Required work
Locate the string "nabla" in the listing below. Copy every line where it is found.

+++

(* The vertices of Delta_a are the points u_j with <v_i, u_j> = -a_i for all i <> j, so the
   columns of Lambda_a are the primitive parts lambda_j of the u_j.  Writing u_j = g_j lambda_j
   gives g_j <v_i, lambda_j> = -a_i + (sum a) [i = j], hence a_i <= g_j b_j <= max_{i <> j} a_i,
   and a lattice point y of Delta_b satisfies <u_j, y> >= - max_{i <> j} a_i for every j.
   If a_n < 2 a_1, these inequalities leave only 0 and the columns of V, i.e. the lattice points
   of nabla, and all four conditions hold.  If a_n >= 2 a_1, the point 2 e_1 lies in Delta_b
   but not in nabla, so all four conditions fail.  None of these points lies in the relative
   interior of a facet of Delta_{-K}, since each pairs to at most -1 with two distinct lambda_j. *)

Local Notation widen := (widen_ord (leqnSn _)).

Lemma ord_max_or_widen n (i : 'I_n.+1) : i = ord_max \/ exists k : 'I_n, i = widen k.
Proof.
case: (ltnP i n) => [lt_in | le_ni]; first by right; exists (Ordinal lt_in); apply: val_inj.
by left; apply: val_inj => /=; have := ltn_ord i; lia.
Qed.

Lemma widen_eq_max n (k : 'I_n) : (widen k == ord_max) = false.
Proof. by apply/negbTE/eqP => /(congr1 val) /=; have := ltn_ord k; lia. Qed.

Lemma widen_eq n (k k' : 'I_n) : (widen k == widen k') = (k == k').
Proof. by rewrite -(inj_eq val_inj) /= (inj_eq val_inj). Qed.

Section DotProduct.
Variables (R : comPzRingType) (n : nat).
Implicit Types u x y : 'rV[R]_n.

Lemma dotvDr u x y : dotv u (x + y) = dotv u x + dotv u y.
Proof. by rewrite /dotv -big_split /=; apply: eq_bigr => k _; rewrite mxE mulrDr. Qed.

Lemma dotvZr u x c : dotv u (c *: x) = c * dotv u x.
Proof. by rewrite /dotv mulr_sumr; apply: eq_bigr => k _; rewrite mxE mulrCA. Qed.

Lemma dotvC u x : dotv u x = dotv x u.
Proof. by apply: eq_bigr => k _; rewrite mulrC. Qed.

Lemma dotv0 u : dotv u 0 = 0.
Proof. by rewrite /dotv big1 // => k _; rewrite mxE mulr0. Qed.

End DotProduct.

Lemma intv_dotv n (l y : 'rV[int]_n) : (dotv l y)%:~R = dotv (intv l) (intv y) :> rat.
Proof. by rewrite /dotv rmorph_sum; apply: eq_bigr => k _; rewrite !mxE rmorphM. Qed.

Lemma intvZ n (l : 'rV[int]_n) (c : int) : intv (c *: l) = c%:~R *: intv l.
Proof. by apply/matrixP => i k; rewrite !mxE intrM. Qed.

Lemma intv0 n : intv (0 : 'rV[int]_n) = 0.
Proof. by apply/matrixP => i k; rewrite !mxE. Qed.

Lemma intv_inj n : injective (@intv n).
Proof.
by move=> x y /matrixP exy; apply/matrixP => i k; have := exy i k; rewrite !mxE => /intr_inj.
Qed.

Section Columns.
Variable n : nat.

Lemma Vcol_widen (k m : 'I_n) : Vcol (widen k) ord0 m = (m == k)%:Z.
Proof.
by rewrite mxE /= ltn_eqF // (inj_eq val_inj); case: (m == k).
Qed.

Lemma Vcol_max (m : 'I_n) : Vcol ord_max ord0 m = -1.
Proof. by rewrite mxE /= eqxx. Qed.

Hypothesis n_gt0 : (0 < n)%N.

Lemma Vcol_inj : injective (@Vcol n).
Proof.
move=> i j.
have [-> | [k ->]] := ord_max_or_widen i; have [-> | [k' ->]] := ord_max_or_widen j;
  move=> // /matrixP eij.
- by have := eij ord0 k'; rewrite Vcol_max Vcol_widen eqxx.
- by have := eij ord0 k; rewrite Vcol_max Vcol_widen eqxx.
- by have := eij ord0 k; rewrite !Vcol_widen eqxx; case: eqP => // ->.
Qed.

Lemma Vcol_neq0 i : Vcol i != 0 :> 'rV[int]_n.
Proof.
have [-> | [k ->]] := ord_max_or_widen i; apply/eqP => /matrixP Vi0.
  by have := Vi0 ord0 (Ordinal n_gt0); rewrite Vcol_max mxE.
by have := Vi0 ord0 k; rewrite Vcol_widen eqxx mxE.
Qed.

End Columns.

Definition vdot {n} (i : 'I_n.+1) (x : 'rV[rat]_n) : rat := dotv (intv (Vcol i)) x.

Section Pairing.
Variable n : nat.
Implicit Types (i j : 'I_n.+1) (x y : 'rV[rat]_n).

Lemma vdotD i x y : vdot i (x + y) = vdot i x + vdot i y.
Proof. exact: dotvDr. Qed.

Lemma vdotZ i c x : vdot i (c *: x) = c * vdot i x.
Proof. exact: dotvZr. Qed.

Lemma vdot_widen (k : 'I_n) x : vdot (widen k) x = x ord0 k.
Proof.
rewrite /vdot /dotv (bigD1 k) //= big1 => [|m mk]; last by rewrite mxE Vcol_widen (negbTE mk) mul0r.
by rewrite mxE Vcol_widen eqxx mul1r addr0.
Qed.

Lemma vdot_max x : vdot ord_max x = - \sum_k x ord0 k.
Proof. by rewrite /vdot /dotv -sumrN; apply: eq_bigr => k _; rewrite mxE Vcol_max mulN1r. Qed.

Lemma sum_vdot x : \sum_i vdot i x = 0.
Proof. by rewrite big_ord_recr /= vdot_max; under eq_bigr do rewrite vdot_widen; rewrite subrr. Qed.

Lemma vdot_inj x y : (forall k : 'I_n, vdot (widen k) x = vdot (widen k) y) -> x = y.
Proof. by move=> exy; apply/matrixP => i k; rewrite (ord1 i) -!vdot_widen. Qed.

+++

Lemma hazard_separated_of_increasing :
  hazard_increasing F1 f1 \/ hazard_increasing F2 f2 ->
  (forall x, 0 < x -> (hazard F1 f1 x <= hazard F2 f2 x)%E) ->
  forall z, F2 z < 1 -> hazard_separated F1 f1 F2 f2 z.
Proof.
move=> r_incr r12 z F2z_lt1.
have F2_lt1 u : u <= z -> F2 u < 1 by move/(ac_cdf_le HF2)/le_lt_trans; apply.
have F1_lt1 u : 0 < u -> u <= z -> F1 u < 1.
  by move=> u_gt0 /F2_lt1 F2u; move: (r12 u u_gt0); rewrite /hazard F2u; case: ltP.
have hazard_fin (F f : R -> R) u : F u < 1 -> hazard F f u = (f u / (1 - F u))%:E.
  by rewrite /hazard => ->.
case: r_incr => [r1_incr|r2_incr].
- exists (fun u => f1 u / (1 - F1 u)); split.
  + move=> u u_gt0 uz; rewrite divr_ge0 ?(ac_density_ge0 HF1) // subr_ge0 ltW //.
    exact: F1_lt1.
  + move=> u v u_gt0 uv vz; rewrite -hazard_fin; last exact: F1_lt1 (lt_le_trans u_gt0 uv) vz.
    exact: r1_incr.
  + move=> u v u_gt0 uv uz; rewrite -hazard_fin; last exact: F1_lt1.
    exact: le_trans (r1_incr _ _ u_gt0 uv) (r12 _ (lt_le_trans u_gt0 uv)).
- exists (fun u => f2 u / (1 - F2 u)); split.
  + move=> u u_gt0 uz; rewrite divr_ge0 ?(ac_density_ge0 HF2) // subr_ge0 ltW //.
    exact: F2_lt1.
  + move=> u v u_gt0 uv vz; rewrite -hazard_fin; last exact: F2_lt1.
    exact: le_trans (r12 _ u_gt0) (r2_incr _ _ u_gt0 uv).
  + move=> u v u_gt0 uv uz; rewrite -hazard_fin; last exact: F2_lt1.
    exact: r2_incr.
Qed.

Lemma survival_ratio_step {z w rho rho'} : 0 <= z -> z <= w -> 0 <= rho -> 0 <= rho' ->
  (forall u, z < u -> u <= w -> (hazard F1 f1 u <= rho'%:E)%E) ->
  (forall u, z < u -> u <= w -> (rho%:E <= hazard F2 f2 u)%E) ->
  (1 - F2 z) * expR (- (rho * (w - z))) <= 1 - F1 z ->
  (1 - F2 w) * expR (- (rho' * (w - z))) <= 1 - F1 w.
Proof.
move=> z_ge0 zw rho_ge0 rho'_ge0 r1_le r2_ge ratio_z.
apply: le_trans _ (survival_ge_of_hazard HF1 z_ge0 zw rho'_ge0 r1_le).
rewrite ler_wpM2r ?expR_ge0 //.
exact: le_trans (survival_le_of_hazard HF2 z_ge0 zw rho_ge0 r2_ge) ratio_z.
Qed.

+++

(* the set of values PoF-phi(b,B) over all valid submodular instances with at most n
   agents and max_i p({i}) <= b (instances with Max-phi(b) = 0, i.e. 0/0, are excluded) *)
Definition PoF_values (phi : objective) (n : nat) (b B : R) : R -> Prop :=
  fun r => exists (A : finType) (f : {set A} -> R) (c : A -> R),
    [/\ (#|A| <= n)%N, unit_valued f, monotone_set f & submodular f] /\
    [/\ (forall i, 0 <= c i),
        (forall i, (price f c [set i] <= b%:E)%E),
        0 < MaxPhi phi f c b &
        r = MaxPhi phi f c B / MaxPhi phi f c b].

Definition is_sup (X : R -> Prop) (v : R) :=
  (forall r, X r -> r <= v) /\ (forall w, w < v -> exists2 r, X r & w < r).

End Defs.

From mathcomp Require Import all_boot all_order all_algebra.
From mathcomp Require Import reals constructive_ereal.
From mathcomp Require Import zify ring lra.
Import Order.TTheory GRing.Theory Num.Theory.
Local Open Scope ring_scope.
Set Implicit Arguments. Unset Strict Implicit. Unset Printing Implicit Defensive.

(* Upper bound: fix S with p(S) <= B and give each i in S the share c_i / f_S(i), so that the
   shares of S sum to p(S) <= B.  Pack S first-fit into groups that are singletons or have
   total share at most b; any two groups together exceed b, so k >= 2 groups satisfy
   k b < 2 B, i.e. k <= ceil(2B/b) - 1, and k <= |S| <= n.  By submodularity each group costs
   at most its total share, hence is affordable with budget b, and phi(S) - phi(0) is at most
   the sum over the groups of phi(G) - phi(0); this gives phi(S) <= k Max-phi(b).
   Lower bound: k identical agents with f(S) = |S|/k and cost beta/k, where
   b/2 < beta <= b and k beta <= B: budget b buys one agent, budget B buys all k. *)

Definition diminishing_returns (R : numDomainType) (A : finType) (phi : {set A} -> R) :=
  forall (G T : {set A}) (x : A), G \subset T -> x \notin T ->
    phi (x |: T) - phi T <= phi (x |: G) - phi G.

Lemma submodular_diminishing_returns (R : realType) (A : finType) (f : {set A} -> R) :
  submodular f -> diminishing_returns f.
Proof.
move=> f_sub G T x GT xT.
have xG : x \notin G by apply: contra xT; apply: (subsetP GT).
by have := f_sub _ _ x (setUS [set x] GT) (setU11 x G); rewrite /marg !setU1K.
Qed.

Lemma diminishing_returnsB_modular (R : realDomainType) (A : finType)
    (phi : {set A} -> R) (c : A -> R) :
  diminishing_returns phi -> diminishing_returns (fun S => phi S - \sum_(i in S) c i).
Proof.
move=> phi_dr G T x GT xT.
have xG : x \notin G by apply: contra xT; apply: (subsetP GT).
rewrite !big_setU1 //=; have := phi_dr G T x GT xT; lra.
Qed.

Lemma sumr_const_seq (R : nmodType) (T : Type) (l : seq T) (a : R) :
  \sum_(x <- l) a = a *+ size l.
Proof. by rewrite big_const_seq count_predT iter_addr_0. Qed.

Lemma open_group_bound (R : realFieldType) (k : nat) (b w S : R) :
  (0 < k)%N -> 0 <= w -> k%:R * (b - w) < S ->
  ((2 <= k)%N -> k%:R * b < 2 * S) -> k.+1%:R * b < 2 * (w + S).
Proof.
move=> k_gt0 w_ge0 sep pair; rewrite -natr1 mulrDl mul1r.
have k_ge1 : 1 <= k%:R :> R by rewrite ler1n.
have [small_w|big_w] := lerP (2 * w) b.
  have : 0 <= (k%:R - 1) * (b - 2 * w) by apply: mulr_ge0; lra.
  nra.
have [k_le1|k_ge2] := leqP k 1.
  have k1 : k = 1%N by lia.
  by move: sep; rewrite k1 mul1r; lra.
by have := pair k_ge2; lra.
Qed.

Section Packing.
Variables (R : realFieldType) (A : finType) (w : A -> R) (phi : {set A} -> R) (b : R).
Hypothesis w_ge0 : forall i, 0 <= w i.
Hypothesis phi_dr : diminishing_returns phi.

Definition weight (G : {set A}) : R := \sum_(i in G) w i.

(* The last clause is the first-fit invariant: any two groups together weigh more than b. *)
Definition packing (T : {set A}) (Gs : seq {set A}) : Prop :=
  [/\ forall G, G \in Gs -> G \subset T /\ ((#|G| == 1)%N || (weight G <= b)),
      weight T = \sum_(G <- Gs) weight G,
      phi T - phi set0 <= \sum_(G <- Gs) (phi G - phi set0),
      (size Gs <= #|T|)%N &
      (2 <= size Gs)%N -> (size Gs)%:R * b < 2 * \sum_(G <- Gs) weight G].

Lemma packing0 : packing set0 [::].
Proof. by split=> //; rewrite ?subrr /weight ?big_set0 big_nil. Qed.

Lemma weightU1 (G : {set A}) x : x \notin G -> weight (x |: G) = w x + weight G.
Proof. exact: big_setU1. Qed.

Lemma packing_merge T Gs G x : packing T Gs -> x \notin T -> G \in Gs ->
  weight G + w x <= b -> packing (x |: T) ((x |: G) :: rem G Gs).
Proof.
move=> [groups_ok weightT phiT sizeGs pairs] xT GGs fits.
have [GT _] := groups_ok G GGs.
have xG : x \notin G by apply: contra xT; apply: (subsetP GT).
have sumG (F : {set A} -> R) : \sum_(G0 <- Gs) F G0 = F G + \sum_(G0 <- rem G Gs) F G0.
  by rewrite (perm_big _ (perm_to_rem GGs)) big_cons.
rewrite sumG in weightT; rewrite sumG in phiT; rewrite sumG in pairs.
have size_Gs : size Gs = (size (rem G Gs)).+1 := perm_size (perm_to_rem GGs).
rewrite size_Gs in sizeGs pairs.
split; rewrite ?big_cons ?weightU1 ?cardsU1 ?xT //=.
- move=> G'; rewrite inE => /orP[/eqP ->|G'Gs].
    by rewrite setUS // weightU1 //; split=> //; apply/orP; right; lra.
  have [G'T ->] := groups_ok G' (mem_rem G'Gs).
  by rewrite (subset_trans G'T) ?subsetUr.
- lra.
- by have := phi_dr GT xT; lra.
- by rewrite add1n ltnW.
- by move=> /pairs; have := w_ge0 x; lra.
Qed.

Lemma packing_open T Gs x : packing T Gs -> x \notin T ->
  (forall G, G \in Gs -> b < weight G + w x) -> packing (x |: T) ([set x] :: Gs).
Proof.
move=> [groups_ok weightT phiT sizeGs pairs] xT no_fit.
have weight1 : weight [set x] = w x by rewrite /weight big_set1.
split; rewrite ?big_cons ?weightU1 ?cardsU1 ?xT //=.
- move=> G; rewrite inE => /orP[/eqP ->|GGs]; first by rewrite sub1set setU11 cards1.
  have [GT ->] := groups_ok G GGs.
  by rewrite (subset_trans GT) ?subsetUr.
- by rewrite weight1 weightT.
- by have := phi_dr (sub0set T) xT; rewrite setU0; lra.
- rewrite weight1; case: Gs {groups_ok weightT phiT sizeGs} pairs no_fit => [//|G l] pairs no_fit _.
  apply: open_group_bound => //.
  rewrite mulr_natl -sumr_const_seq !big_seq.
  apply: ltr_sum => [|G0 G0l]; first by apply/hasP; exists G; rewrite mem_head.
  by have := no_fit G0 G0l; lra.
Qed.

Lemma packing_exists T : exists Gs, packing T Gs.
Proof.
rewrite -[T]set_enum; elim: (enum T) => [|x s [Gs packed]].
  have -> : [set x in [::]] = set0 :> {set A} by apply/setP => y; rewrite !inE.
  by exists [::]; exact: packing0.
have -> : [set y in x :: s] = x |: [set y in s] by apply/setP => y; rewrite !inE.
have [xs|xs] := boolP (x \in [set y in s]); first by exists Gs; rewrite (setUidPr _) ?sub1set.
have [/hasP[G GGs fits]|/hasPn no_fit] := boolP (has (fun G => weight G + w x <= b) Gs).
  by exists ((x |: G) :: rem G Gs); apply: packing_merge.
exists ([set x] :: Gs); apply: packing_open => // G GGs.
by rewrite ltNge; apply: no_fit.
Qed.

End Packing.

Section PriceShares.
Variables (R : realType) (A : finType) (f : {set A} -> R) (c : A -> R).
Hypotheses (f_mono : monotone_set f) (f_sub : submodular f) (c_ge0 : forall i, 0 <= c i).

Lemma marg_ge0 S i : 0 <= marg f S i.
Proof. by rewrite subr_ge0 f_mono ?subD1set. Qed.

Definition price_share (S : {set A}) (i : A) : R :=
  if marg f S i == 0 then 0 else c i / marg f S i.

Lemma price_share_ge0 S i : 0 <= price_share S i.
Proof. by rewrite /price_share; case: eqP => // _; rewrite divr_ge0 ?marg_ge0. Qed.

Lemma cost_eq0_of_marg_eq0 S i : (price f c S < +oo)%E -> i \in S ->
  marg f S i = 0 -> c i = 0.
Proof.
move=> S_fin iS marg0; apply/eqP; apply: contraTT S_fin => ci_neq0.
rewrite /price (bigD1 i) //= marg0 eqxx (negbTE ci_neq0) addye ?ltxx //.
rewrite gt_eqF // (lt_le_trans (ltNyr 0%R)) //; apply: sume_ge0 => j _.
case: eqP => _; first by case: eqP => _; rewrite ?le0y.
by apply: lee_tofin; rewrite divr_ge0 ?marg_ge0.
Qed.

+++

Response for this exercise
   of nabla, and all four conditions hold.  If a_n >= 2 a_1, the point 2 e_1 lies in Delta_b
   but not in nabla, so all four conditions fail.  None of these points lies in the relative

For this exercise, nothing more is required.